Down the memory hole

Today’s Star Tribune carries an op-ed column by former Minnesota Senator Rudy Boschwitz disputing the substance of the David Durenberger/Walter Mondale column on the filibuster. Rudy’s column is “Changing the rules to do the nation’s business.” I took a whack at the Durenberger/Mondale column myself in my Daily Standard column: “They were against it, before they were for it.” I profiled Rudy Boschwitz in my previous Daily Standard column: “The ambassador nobody knows.” Today the estimable Ambassador Boschwitz adds some details to Mondale’s “down the memory hole” approach to his own political history:

Former Sen. Dave Durenberger and former Vice President Walter Mondale in a joint opinion piece said that if the Republicans go forward to limit filibusters of appeals court (only) judges, it will “profoundly and permanently undermine the purpose of the U.S. Senate….” (Star Tribune, May 5). Rubbish. Let me give a clearer picture.
In the last Congress, the Senate Democratic leadership orchestrated a filibuster of 10 of President Bush’s appeals court nominees and threatened filibusters against six others. Filibusters, a tactic historically used only against legislation, were now targeted on judicial nominees and were a rock-solid obstruction to a confirmation vote. As a consequence, a centuries-long Senate tradition against filibusters of judicial nominees was broken.

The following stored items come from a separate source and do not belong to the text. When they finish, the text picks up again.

Lemma expm_ge0 A : (forall i j, 0 <= A i j) -> forall i j, 0 <= expm A i j.
Proof.
move=> A_ge0.
have pow_ge0 k i j : 0 <= (A ^+ k) i j.
  elim: k i j => [|k IH] i j; first by rewrite expr0 mxE ler0n.
  by rewrite exprSr -mulmxE mxE; apply: sumr_ge0 => l _; exact: mulr_ge0.
move=> i j; rewrite expmE; apply: limr_ge; first exact: is_cvg_exp_partial.
apply: nearW => N; rewrite exp_partial_entry; apply: sumr_ge0 => k _.
by rewrite mulr_ge0 ?invr_ge0 ?ler0n.
Qed.

Lemma expm_offdiag_ge0 A : (forall i j, i != j -> 0 <= A i j) ->
  forall i j, 0 <= expm A i j.
Proof.
move=> offdiag_ge0.
pose c := \sum_i `|A i i|.
have shift_ge0 i j : 0 <= (A + c%:M) i j.
  rewrite !mxE; have [<-|/offdiag_ge0] := eqVneq i j; last by rewrite addr0.
  have : `|A i i| <= c by rewrite /c (bigD1 i) //= lerDl; apply: sumr_ge0.
  by rewrite mulr1n; have := ler_norm (- A i i); rewrite normrN; lra.
have -> : A = (A + c%:M) + (- c)%:M by rewrite raddfN /= addrK.
rewrite expm_add; last by rewrite scalar_mxC.
move=> i j; rewrite expm_scalar mul_mx_scalar mxE.
by rewrite mulr_ge0 ?expR_ge0 ?expm_ge0.
Qed.

Lemma selfadj_expm {d : 'I_m.+1 -> R} {A} : selfadj d A -> selfadj d (expm A).
Proof.
move=> sA.
have sAX k : selfadj d (A ^+ k).
  elim: k => [|k IH] i j.
    by rewrite expr0 !mxE; case: eqVneq => [->|]; rewrite ?mulr0.
  rewrite [in LHS]exprSr [in RHS]exprS -!mulmxE !mxE !mulr_sumr.
  apply: eq_bigr => l _.
  by rewrite mulrA IH -mulrA mulrCA sA mulrCA [X in d j * X]mulrC.
move=> i j.
have lhs : d i * exp_partial N A i j @[N --> \oo] --> d i * expm A i j.
  by apply: cvgMl_tmp; exact: cvg_expm.
have rhs : d j * exp_partial N A j i @[N --> \oo] --> d j * expm A j i.
  by apply: cvgMl_tmp; exact: cvg_expm.
have sym_partial : (fun N => d i * exp_partial N A i j)
                   = fun N => d j * exp_partial N A j i.
  apply/funext => N; rewrite !exp_partial_entry !mulr_sumr.
  by apply: eq_bigr => k _; rewrite mulrCA sAX mulrCA.
by rewrite sym_partial in lhs; exact: cvg_unique _ lhs rhs.
Qed.

Lemma expm_stochastic A : (forall i, \sum_j A i j = 0) ->
  forall i, \sum_j expm A i j = 1.
Proof.
move=> A_rows0 i.
have pow_rows0 k : \sum_j (A ^+ k.+1) i j = 0.
  under eq_bigr do rewrite exprSr -mulmxE mxE.
  by rewrite exchange_big /= big1 // => l _; rewrite -mulr_sumr A_rows0 mulr0.
have rows_partial N : \sum_j exp_partial N.+1 A i j = 1.
  under eq_bigr do rewrite exp_partial_entry.
  rewrite exchange_big big_ord_recl /= [X in _ + X]big1 ?addr0 => [|k _].
    rewrite -mulr_sumr (bigD1 i) //= big1 ?addr0 => [|j /negPf ji].
      by rewrite expr0 mxE eqxx fact0 invr1 mulr1.
    by rewrite expr0 mxE eq_sym ji.
  by rewrite -mulr_sumr /bump /= add1n pow_rows0 mulr0.
have sum_cvg : \sum_j exp_partial N A i j @[N --> \oo] --> \sum_j expm A i j.
  by apply: cvg_big => //; [exact: add_continuous | move=> j _; exact: cvg_expm].
have one_cvg : \sum_j exp_partial N A i j @[N --> \oo] --> (1 : R).
  by apply: cvg_near_cst; exists 1%N => // -[|N] _ //; exact: rows_partial.
exact: cvg_unique _ sum_cvg one_cvg.
Qed.

End MatrixExponential.

Section WeightedInnerProduct.
Context {R : realType} {n : nat} (d : 'I_n -> R).
Implicit Types (A B : 'M[R]_n) (u v : 'I_n -> R).

Definition wip u v : R := \sum_i u i * v i * d i.

Lemma matvecM A B u : matvec (A *m B) u = matvec A (matvec B u).
Proof.
apply/funext => i; rewrite /matvec.
under eq_bigr do rewrite mxE mulr_suml.
rewrite exchange_big /=; apply: eq_bigr => l _; rewrite mulr_sumr.
by apply: eq_bigr => j _; rewrite mulrA.
Qed.

Lemma matvec1 u : matvec 1%:M u = u.
Proof.
apply/funext => i; rewrite /matvec (bigD1 i) //= big1 ?addr0 => [|j /negPf ji].
  by rewrite mxE eqxx mul1r.
by rewrite mxE eq_sym ji mul0r.
Qed.

Lemma wip_matvec_selfadj A u v : selfadj d A ->
  wip u (matvec A v) = wip (matvec A u) v.
Proof.
move=> sA; rewrite /wip /matvec.
under eq_bigr do rewrite mulr_sumr mulr_suml.
under [RHS]eq_bigr do rewrite !mulr_suml.
rewrite exchange_big /=; apply: eq_bigr => j _; apply: eq_bigr => i _.
by transitivity (u i * v j * (d i * A i j)); [ring | rewrite sA; ring].
Qed.

Lemma matvec_stochastic A : (forall i, \sum_j A i j = 1) ->
  matvec A (fun=> 1) = (fun=> 1).
Proof.
by move=> A1; apply/funext => i; rewrite /matvec; under eq_bigr do rewrite mulr1.
Qed.

Lemma wip_matvec_one A v : selfadj d A -> (forall i, \sum_j A i j = 1) ->
  wip (matvec A v) (fun=> 1) = wip v (fun=> 1).
Proof.
by move=> sA A1; rewrite -wip_matvec_selfadj // matvec_stochastic.
Qed.

Hypothesis d_gt0 : forall i, 0 < d i.

Lemma wip_ge0 u : 0 <= wip u u.
Proof. by apply: sumr_ge0 => i _; rewrite -expr2 mulr_ge0 ?sqr_ge0 ?ltW. Qed.

Lemma wip_eq0 u : wip u u = 0 -> u = fun=> 0.
Proof.
move=> /eqP; rewrite psumr_eq0 => [/allP u0|i _]; last first.
  by rewrite -expr2 mulr_ge0 ?sqr_ge0 ?ltW.
apply/funext => i; have /(_ (mem_index_enum i)) := u0 i.
by rewrite /= mulf_eq0 (gt_eqF (d_gt0 i)) orbF mulf_eq0 orbb => /eqP.
Qed.

(* [wip u u - wip u (matvec A u)] is half of
   [\sum_(i, j) d i * A i j * (u i - u j) ^+ 2]. *)
Lemma wip_matvec_le A u : selfadj d A -> (forall i, \sum_j A i j = 1) ->
  (forall i j, 0 <= A i j) -> wip u (matvec A u) <= wip u u.
Proof.
move=> sA A1 A_ge0.
pose c i j := d i * A i j.
have wip_rows : wip u u = \sum_i \sum_j u i ^+ 2 * c i j.
  by apply: eq_bigr => i _; rewrite -mulr_sumr -mulr_sumr A1; ring.
have wip_cols : wip u u = \sum_i \sum_j u j ^+ 2 * c i j.
  rewrite exchange_big /=; apply: eq_bigr => j _; rewrite /c.
  under eq_bigr do rewrite sA.
  by rewrite -mulr_sumr -mulr_sumr A1; ring.
have wip_cross : wip u (matvec A u) = \sum_i \sum_j u i * u j * c i j.
  apply: eq_bigr => i _; rewrite /matvec mulr_sumr mulr_suml.
  by apply: eq_bigr => j _; rewrite /c; ring.
suff : 2 * wip u (matvec A u) <= wip u u + wip u u by lra.
rewrite {1}wip_rows wip_cols wip_cross mulr_sumr -big_split /=.
apply: ler_sum => i _; rewrite mulr_sumr -big_split /=; apply: ler_sum => j _.
have c_ge0 : 0 <= c i j by rewrite mulr_ge0 // ltW.
have := sqr_ge0 (u i - u j); nra.
Qed.

End WeightedInnerProduct.

Section ExpmQuadraticForm.
Context {R : realType} {m : nat} {d : 'I_m.+1 -> R}.
Implicit Types (X : 'M[R]_m.+1) (x : 'I_m.+1 -> R).

Lemma wip_expm_half X x : selfadj d X ->
  wip d x (matvec (expm X) x)
  = wip d (matvec (expm (2^-1 *: X)) x) (matvec (expm (2^-1 *: X)) x).
Proof.
move=> sX; have halves : X = 2^-1 *: X + 2^-1 *: X.
  by rewrite -scalerDl -[2^-1]div1r -splitr scale1r.
rewrite {1}halves expm_add // matvecM wip_matvec_selfadj //.
exact/selfadj_expm/selfadjZ.
Qed.

Hypothesis d_gt0 : forall i, 0 < d i.

Lemma wip_expm_ge0 {X} : selfadj d X -> forall x, 0 <= wip d x (matvec (expm X) x).
Proof. by move=> sX x; rewrite wip_expm_half // wip_ge0. Qed.

Lemma wip_expm_eq0 {X} : selfadj d X ->
  forall x, wip d x (matvec (expm X) x) = 0 -> x = fun=> 0.
Proof.
move=> sX x; rewrite wip_expm_half // => /(wip_eq0 _ d_gt0) half0.
rewrite -(matvec1 x) -(expmN_mul (2^-1 *: X)) matvecM half0.
by apply/funext => i; rewrite /matvec big1 // => j _; rewrite mulr0.
Qed.

End ExpmQuadraticForm.

Section Energy.
Context {R : realType} {m : nat} (d : 'I_m.+1 -> R) (A : 'M[R]_m.+1) (lam : R).
Implicit Types (u v b : 'I_m.+1 -> R).

Definition energy u : R :=
  lam * wip d u (fun i => 1 - u i) + wip d u (fun i => u i - matvec A u i).

Definition wmean u : R := wip d u (fun=> 1) / wip d (fun=> 1) (fun=> 1).

Hypothesis d_gt0 : forall i, 0 < d i.
Hypothesis A_selfadj : selfadj d A.
Hypothesis A_stochastic : forall i, \sum_j A i j = 1.
Hypothesis lam_ge0 : 0 <= lam.

Lemma energy_ge0 u : (forall i j, 0 <= A i j) -> in01 u -> 0 <= energy u.
Proof.
move=> A_ge0 u01; apply: addr_ge0.
  apply/mulr_ge0/sumr_ge0 => // i _; have /andP[u0 u1] := u01 i.
  by rewrite mulr_ge0 ?mulr_ge0 ?subr_ge0 // ltW.
have -> : wip d u (fun i => u i - matvec A u i) = wip d u u - wip d u (matvec A u).
  by rewrite /wip -sumrB; apply: eq_bigr => i _; ring.
by rewrite subr_ge0 wip_matvec_le.
Qed.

In this Congress Democrats again vowed to block an up-or-down vote on these nominees, and threaten forthcoming nominees. These filibusters assert precedent-shattering power over the confirmation process and erode constitutional checks and balances.
For more than 200 years, just one judicial nominee was defeated by filibuster — Abe Fortas in 1968 in extraordinary circumstances that are not comparable to the current situation. For more than 200 years, no minority leader ever organized a judicial filibuster. For more than 200 years, the Senate operated on the understanding that a majority of senators was entitled to carry out its constitutional obligation to advise and consent on federal judges. But now the Democratic leadership has cast aside Senate tradition to usurp the president’s appointment power against nominees not meeting the minority’s ideological benchmarks or litmus tests.
The Constitution clearly specifies the few instances where more than a majority vote is required for Senate approval. For example, two-thirds of senators are needed to ratify a treaty or to override a presidential veto. For nominations, only a majority is needed. It has been that way for 200 years. It is not the Republicans who are breaking constitutional and Senate tradition. It is those who wish to filibuster judicial nominees and impose an effective threshold of 60 votes to confirm an appeals court judge. The Democrats complain about the tyranny of the majority as they practice tyranny of the minority — certainly not a Senate or constitutional tradition.
The Democratic leadership is imposing a unique burden on President Bush. A cloture vote to end a filibuster on a judicial nomination is simply not advice and consent within the Constitution’s meaning.
The Democratic minority asserts it has no choice but to filibuster judges, because Republicans control the White House and Senate. Yet during much of U.S. history, this GOP control has been the case — and filibustering judges was unknown. Has every Senate in American history been wrong constitutionally and traditionally?
The Constitution specifically grants the Senate the right to establish rules to govern itself. But the Senate faces a stark and regrettable choice. If the Senate exercises its constitutional rulemaking power to end judicial filibusters, the Democratic minority irresponsibly promises to bring almost all Senate business to a halt.
The Senate’s majority leader, Bill Frist, proposes a broad reform in which judicial nominees will get a confirmation vote after 100 hours of debate. Moreover, he expressly guarantees to leave filibusters of legislation alone.
In the past Vice President Mondale’s views have been different from those he now presents. Rule XXII — the Senate filibuster rule — was changed by the Senate in 1975, from requiring a two-thirds vote to only 60 votes to overcome a filibuster. Mondale wrote an approving article (Washington Post, March 18, 1975) noting that the Senate had been “held hostage by a small but determined minority…” and he was pleased to see the Senate “put its house in order so as to act quickly, forcefully and effectively…”
In the 1977 filibuster on natural gas deregulation, Mondale as vice president (and thus president of the Senate) took the chair in order to end the filibuster. In coordination with then-Majority Leader Robert Byrd, Mondale ruled 33 amendments out of order within minutes. Sen. Byrd, in his history “The Senate 1789-1989” (Vol. II, p. 155), described the scene:
“Pandemonium broke loose as Senators were denied recognition [by Mondale] to appeal the Chair’s rulings declaring the amendments disqualified and both the Vice President and I were severely criticized for the extraordinary actions we had taken to break the post-cloture filibusters.”
Sens. Ed Muskie, Frank Church, Paul Sarbanes and Gary Hart “vigorously protested.” Hart stated, “The U.S. Senate has just seen an outrageous act.”
So Vice President Mondale fully understands the necessity for the Senate to do the nation’s business and to exercise its duty to change the rules to get it done. It is the responsible thing to do.